Post by freddyp » Fri Jul 31, 2020 9:22 am

Tesseract was also the first thing that sprang to my mind. Ingenious scripting? Tesseract is a command line tool, so you can integrate it with "Execute command". If the options are always the same, and I would think they probably are, you do not need a script. If the choice of options is more involved because of some if-then-else logic, it is not a lot of work for a Switch script developer to do that and if the project is that big, then that would be money well spent.

magnussandstrom
Newbie
Posts: 7
Joined: Thu Jul 30, 2020 6:34 pm

Re: Using Switch for automatic OCR recognition?

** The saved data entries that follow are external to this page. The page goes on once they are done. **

(* Let $d\ge 2$. There are a constant $C>0$ and $n_0(d)$ depending only on $d$ such that for all $n\ge n_0(d)$: if $\mathcal{F}$, $B_i$ are as in the context, $J\subseteq[n]$ with $|J|\le n/4$, and $K\ge 0$ is a real number with $|E(\mathcal{G}_J)|\ge\binom{n-|J|}{d}-Kn$, then $|\mathcal{T}_J^1|\le CK$.
   Context: Let $\mathcal{F}=\{F_1,\dots,F_m\}\subseteq\binom{[n]}{d+1}$ consist of distinct sets and have VC-dimension at most $d$ (no $(d+1)$-set $S$ is shattered, i.e. no $S$ such that every $A\subseteq S$ equals $F\cap S$ for some $F\in\mathcal{F}$). For $i\in[m]$, call $B\subsetneq F_i$ admissible for $F_i$ if $F\cap F_i\neq B$ for every $F\in\mathcal{F}$. For each $i$, $B_i$ is a fixed admissible set for $F_i$ of maximum cardinality among all admissible sets. For $J\subseteq[n]$, $\mathcal{G}_J$ is the $d$-uniform hypergraph on vertex set $[n]\setminus J$ with edge set $E(\mathcal{G}_J):=\{F_k\setminus J: k\in[m],\ |F_k\cap J|=1\}$. $\mathcal{T}_J^1$ is the set of $F_k\in\mathcal{F}$ with $F_k\subseteq[n]\setminus J$, $B_k\subseteq[n]\setminus J$ and $|B_k|=d-1$. *)

From mathcomp Require Import all_boot.
From Stdlib Require Import Reals.
Set Implicit Arguments. Unset Strict Implicit. Unset Printing Implicit Defensive.

Section VC.
Variables (n m : nat) (F : 'I_m -> {set 'I_n}).

Definition shattered (S : {set 'I_n}) : Prop :=
  forall A : {set 'I_n}, A \subset S -> exists k : 'I_m, F k :&: S = A.

Definition vc_dim_le (d : nat) : Prop :=
  forall S : {set 'I_n}, #|S| = d.+1 -> ~ shattered S.

Definition admissible (i : 'I_m) (B : {set 'I_n}) : Prop :=
  B \proper F i /\ forall k : 'I_m, F k :&: F i <> B.

Definition edges_G (J : {set 'I_n}) : {set {set 'I_n}} :=
  [set F k :\: J | k in [pred k : 'I_m | #|F k :&: J| == 1]].

Definition T1 (B : 'I_m -> {set 'I_n}) (d : nat) (J : {set 'I_n}) : {set {set 'I_n}} :=
  [set F k | k in [pred k : 'I_m | (F k \subset ~: J) && (B k \subset ~: J)
                                    && (#|B k| == d.-1)]].
End VC.

From mathcomp Require Import all_boot zify.
From Stdlib Require Import Reals Lra.
Set Implicit Arguments. Unset Strict Implicit. Unset Printing Implicit Defensive.

(* Let [k] be in [T_J^1].  For every [x] outside [J] and [F_k], the [d]-set
   [x ∪ B_k] avoids [J] but is not an edge of [G_J]: an edge [F_j \ J] equal
   to it would give [F_j ∩ F_k = B_k].  This yields [|~J| - (d+1) >= n/2]
   non-edges above [B_k].  Conversely a [d]-set contains at most
   [d 2^(3(d+1))] sets [B_k] of size [d-1]: if [B_i = B_0] then, by
   maximality of [B_i], two [d]-subsets of [F_i] are traces [F_f ∩ F_i],
   [F_g ∩ F_i], and every [F_j] with [B_j = B_0] lies in [F_i ∪ F_f ∪ F_g].
   Double counting against the at most [Kn] non-edges gives the bound. *)

Lemma card_bigcup_le (I T : finType) (P : pred I) (S : I -> {set T}) :
  (#|\bigcup_(i | P i) S i| <= \sum_(i | P i) #|S i|)%N.
Proof.
elim/big_rec2: _ => [|i X s _ le_X_s]; first by rewrite cards0.
by rewrite (leq_trans (leq_card_setU _ _)) ?leq_add2l.
Qed.

Lemma card_subset_family_le (I T : finType) (F : I -> {set T}) (U : {set T}) :
  injective F -> (#|[set k | F k \subset U]| <= expn 2 #|U|)%N.
Proof.
move=> F_inj; rewrite -card_powerset -(card_imset _ F_inj).
by apply: subset_leq_card; apply/subsetP => X /imsetP[k]; rewrite !inE => kU ->.
Qed.

Lemma double_counting (T U : finType) (A : {set T}) (M : {set U}) (R : T -> U -> bool) a b :
  {in A, forall i, a <= #|[set D in M | R i D]|}%N ->
  {in M, forall D, #|[set i in A | R i D]| <= b}%N ->
  (#|A| * a <= #|M| * b)%N.
Proof.
have cardE (V : finType) (X : {set V}) (P : pred V) :
    #|[set x in X | P x]| = (\sum_(x in X) P x)%N.
  by rewrite -sum1dep_card big_mkcondr; apply: eq_bigr => x _; case: (P x).
move=> geA leM; rewrite -!sum_nat_const.
apply: (@leq_trans (\sum_(i in A) \sum_(D in M) R i D)).
  by apply: leq_sum => i iA; rewrite -cardE geA.
by rewrite exchange_big; apply: leq_sum => D DM; rewrite -cardE leM.
Qed.

Section MaximalAdmissible.
Variables (n m : nat) (F B : 'I_m -> {set 'I_n}) (d : nat).
Hypothesis d_gt0 : (0 < d)%N.
Hypothesis F_inj : injective F.
Hypothesis card_F : forall i, #|F i| = d.+1.
Hypothesis B_adm : forall i, admissible F i (B i).
Hypothesis B_max : forall i B', admissible F i B' -> (#|B'| <= #|B i|)%N.

Lemma B_sub i : B i \subset F i.
Proof. exact: proper_sub (B_adm i).1. Qed.

Lemma trace_of_proper_gt i (A : {set 'I_n}) :
  A \proper F i -> (#|B i| < #|A|)%N -> exists k, F k :&: F i = A.
Proof.
move=> AF ltBA; case: (pickP [pred k | F k :&: F i == A]) => [k /eqP | noTr].
  by exists k.
have : admissible F i A by split=> // k trA; move: (noTr k); rewrite /= trA eqxx.
by move/B_max; rewrite leqNgt ltBA.
Qed.

Lemma exists_trace_notin_B j k :
  B j \subset F k -> exists2 z, z \in F k :&: F j & z \notin B j.
Proof.
move=> BF; suff /properP[] : B j \proper F k :&: F j by [].
rewrite properEneq subsetI BF B_sub eq_sym !andbT.
by apply/eqP; exact: (B_adm j).2 k.
Qed.

Lemma card_F_diff_B j : #|B j| = d.-1 -> #|F j :\: B j| = 2.
Proof. by rewrite cardsD (setIidPr (B_sub j)) card_F => ->; lia. Qed.

(* [F j :\: B j] has only two points; it meets each of [F i], [F f], [F g],
   and no point of [F i :\: B i] lies in both [F f] and [F g]. *)
Lemma fiber_B_sub_union i f g a :
  #|B i| = d.-1 -> a \in F i :\: B i ->
  F f :&: F i = a |: B i -> F g :&: F i = F i :\ a ->
  forall j, B j = B i -> F j \subset F i :|: F f :|: F g.
Proof.
move=> cardB /setDP[aF aB] trf trg j Bj; set U := F i :|: F f :|: F g.
have B_f : B j \subset F f.
  by rewrite Bj; apply: subset_trans (subsetIl _ (F i)); rewrite trf subsetUr.
have B_g : B j \subset F g.
  rewrite Bj; apply: subset_trans (subsetIl _ (F i)); rewrite trg subsetD1 B_sub.
  exact: aB.
have B_i : B j \subset F i by rewrite Bj B_sub.
have [z1 /setIP[z1i z1j] z1B] := exists_trace_notin_B B_i.
have [z2 /setIP[z2f z2j] z2B] := exists_trace_notin_B B_f.
have [z3 /setIP[z3g z3j] z3B] := exists_trace_notin_B B_g.
have z1_notin_fg : (z1 \notin F f) || (z1 \notin F g).
  rewrite -negb_and; apply/andP => -[z1f z1g].
  have : z1 \in a |: B i by rewrite -trf inE z1f z1i.
  rewrite in_setU1 -Bj (negbTE z1B) orbF => /eqP z1a.
  have : z1 \in F i :\ a by rewrite -trg inE z1g z1i.
  by rewrite z1a setD11.
have [z [zj zB zU z1z]] : exists z, [/\ z \in F j, z \notin B j, z \in U & z != z1].
  case/orP: z1_notin_fg => z1n; [exists z2 | exists z3];
    (split=> //; first by rewrite !inE ?z2f ?z3g ?orbT);
    by apply: (contraNneq _ z1n) => <-.
apply/subsetP => y yj; apply/negPn/negP => yU.
have yB : y \notin B j by apply: contra yU => /(subsetP B_i) yi; rewrite !inE yi.
suff : (2 < #|F j :\: B j|)%N by rewrite card_F_diff_B // Bj.
apply/card_gt2P; exists y, z1, z; split; first by rewrite !inE yj zj z1j yB zB z1B.
split.
- by apply: contraNneq yU => ->; rewrite !inE z1i.
- by rewrite eq_sym.
- by apply: contraNneq yU => <-.
Qed.

Lemma card_fiber_B_le (B0 : {set 'I_n}) :
  #|B0| = d.-1 -> (#|[set k | B k == B0]| <= expn 2 (3 * d.+1))%N.
Proof.
case: (set_0Vmem [set k | B k == B0]) => [-> | [i]]; first by rewrite cards0.
rewrite inE => /eqP <- cardB.
have /card_gt0P[a aFB] : (0 < #|F i :\: B i|)%N by rewrite card_F_diff_B.
have /setDP[aF aB] := aFB.
have [f trf] : exists f, F f :&: F i = a |: B i.
  apply: trace_of_proper_gt; last by rewrite cardsU1 aB.
  by rewrite properEcard subUset sub1set aF B_sub cardsU1 aB cardB card_F; lia.
have [g trg] : exists g, F g :&: F i = F i :\ a.
  apply: trace_of_proper_gt; first exact: properD1.
  by have := cardsD1 a (F i); rewrite aF card_F cardB; lia.
set U := F i :|: F f :|: F g.
have cardU : (#|U| <= 3 * d.+1)%N.
  have := cardsU (F i :|: F f) (F g); have := cardsU (F i) (F f).
  by rewrite /U !card_F; lia.
apply: leq_trans (leq_pexp2l _ cardU) => //.
apply: leq_trans (card_subset_family_le U F_inj).
apply/subset_leq_card/subsetP => j; rewrite !inE => /eqP Bj.
exact: fiber_B_sub_union aFB trf trg j Bj.
Qed.

Lemma card_B_sub_le (D : {set 'I_n}) :
  #|D| = d ->
  (#|[set k | (#|B k| == d.-1) && (B k \subset D)]| <= d * expn 2 (3 * d.+1))%N.
Proof.
move=> cardD.
apply: (@leq_trans #|\bigcup_(x in D) [set k | B k == D :\ x]|).
  apply/subset_leq_card/subsetP => k; rewrite inE => /andP[/eqP cardB BD].
  have [x xD xB] : exists2 x, x \in D & x \notin B k.
    by apply/subsetPn/negP => /subset_leq_card; rewrite cardD cardB; lia.
  apply/bigcupP; exists x => //; rewrite inE eqEcard subsetD1 BD xB /=.
  by rewrite -(leq_add2l (x \in D)) -cardsD1 xD cardD cardB; lia.
apply: leq_trans (card_bigcup_le _ _) _.
rewrite -{1}cardD -sum_nat_const; apply: leq_sum => x xD.
by apply: card_fiber_B_le; have := cardsD1 x D; rewrite xD cardD; lia.
Qed.

Definition T1_index J : {set 'I_m} :=
  [set k | (F k \subset ~: J) && (B k \subset ~: J) && (#|B k| == d.-1)].

Definition nonedges_G J : {set {set 'I_n}} :=
  [set D : {set 'I_n} | (D \subset ~: J) && (#|D| == d) && (D \notin edges_G F J)].

Lemma card_T1_le J : (#|T1 F B d J| <= #|T1_index J|)%N.
Proof.
apply: leq_trans (leq_imset_card _ _) _.
by apply/subset_leq_card/subsetP => k; rewrite !inE.
Qed.

Lemma add_nonedge_G J k x :
  k \in T1_index J -> x \in ~: J :\: F k -> x |: B k \in nonedges_G J.
Proof.
rewrite inE => /andP[/andP[FJ BJ] /eqP cardB] /setDP[xJ xF].
have xB : x \notin B k by apply: contra xF => /(subsetP (B_sub k)).
rewrite inE subUset sub1set xJ BJ cardsU1 xB cardB /=.
apply/andP; split; first by apply/eqP; lia.
apply/negP => /imsetP[j _ trj]; apply: ((B_adm k).2 j); apply/setP => y.
rewrite inE; case yk: (y \in F k); last first.
  by rewrite andbF; apply/esym/negbTE/negP => /(subsetP (B_sub k)); rewrite yk.
have yJ : y \in ~: J := subsetP FJ y yk.
have -> : (y \in F j) = (y \in x |: B k) by rewrite trj in_setD -in_setC yJ.
by rewrite andbT in_setU1; case: eqP => // yx; move: xF; rewrite -yx yk.
Qed.

Lemma card_T1_index_mul_le J :
  (#|T1_index J| * (#|~: J| - d.+1) <= #|nonedges_G J| * (d * expn 2 (3 * d.+1)))%N.
Proof.
apply: (@double_counting _ _ (T1_index J) (nonedges_G J) (fun k D => B k \subset D))
  => [k kT | D].
  have FJ : F k \subset ~: J by move: kT; rewrite inE => /andP[/andP[]].
  have -> : (#|~: J| - d.+1 = #|~: J :\: F k|)%N by rewrite cardsD (setIidPr FJ) card_F.
  rewrite -(@card_in_imset _ _ (fun x => x |: B k)); last first.
    move=> x y /setDP[_ xF] _ eq_xy; have : x \in y |: B k by rewrite -eq_xy setU11.
    by rewrite in_setU1 => /orP[/eqP // | /(subsetP (B_sub k)) xFk]; rewrite xFk in xF.
  apply/subset_leq_card/subsetP => _ /imsetP[x xJF ->].
  by rewrite inE add_nonedge_G // subsetUr.
rewrite inE => /andP[/andP[_ /eqP cardD] _].
apply: leq_trans (card_B_sub_le cardD); apply/subset_leq_card/subsetP => k.
by rewrite !inE => /andP[/andP[_ ->] ->].
Qed.

Lemma edges_G_sub_draws J :
  edges_G F J \subset [set D : {set 'I_n} | D \subset ~: J & #|D| == d].
Proof.
apply/subsetP => _ /imsetP[k /eqP cardFJ ->]; rewrite inE; apply/andP; split.
  by apply/subsetP => x; rewrite !inE => /andP[].
by rewrite cardsD cardFJ card_F subn1.
Qed.

Lemma card_nonedges_G J : (#|nonedges_G J| + #|edges_G F J| = 'C(#|~: J|, d))%N.
Proof.
rewrite -cards_draws -[RHS](cardsID (edges_G F J)) (setIidPr (edges_G_sub_draws J)) addnC.
by congr (_ + _); apply: eq_card => D; rewrite !inE andbC.
Qed.

End MaximalAdmissible.

Lemma le_INR_of_mul_le (a N M c n : nat) (K : R) :
  (a * N <= M * c)%N -> (INR M <= K * INR n)%R -> (n <= 2 * N)%N -> (0 < N)%N ->
  (0 <= K)%R -> (INR a <= 2 * INR c * K)%R.
Proof.
move=> /leP/le_INR aN Mn /leP/le_INR nN /ltP/lt_0_INR N_gt0 K_ge0.
rewrite -!multE !mult_INR /= in aN nN.
have Mc := Rmult_le_compat_r _ _ _ (pos_INR c) Mn.
have nc := Rmult_le_compat_l _ _ _ (Rmult_le_pos _ _ K_ge0 (pos_INR c)) nN.
apply: (Rmult_le_reg_r (INR N)) => //; lra.
Qed.

Theorem claim3p8 :
  forall d : nat, (2 <= d)%N ->
  exists (C : R) (n0 : nat), (0 < C)%R /\
  forall (n m : nat) (F : 'I_m -> {set 'I_n}) (B : 'I_m -> {set 'I_n})
         (J : {set 'I_n}) (K : R),
    (n0 <= n)%N ->
    injective F ->
    (forall i : 'I_m, #|F i| = d.+1) ->
    vc_dim_le F d ->
    (forall i : 'I_m, admissible F i (B i)) ->
    (forall (i : 'I_m) (B' : {set 'I_n}), admissible F i B' -> (#|B'| <= #|B i|)%N) ->
    (4 * #|J| <= n)%N ->
    (0 <= K)%R ->
    (INR 'C(n - #|J|, d) - K * INR n <= INR #|edges_G F J|)%R ->
    (INR #|T1 F B d J| <= C * K)%R.
Proof.
move=> d d_ge2; have d_gt0 : (0 < d)%N by apply: leq_trans d_ge2.
exists (2 * INR (d * expn 2 (3 * d.+1)))%R, (4 * d.+1)%N; split.
  by apply: Rmult_lt_0_compat; [lra | apply/lt_0_INR/ltP; rewrite muln_gt0 d_gt0 expn_gt0].
move=> n m F B J K n_ge F_inj card_F _ B_adm B_max J_le K_ge0 edges_ge.
have cardCJ : #|~: J| = (n - #|J|)%N by rewrite cardsCs setCK card_ord.
have nonedges_le : (INR #|nonedges_G F d J| <= K * INR n)%R.
  have := card_nonedges_G card_F J; rewrite cardCJ => /(congr1 INR).
  by rewrite -plusE plus_INR; lra.
apply: Rle_trans (le_INR _ _ (leP (card_T1_le F B d J))) _.
have count := card_T1_index_mul_le d_gt0 F_inj card_F B_adm B_max J.
by apply: le_INR_of_mul_le count nonedges_le _ _ K_ge0; rewrite cardCJ; lia.
Qed.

Post by magnussandstrom » Fri Jul 31, 2020 9:33 am

The options is always the same (no ifttt). Tesseract seems to only support image files and we output multipage PDF's from out scanner. This could probably be solved with Ghostscript etc.

Maybe I was hoping for a out-of-the-box solution. I'm guessing I'm not the first to do this in Switch?

I also found a few softwares like OCRvision that seem's to do what I want..

Padawan
Advanced member
Posts: 269
Joined: Mon Jun 12, 2017 8:48 pm
Location: Belgium
Contact:

Re: Using Switch for automatic OCR recognition?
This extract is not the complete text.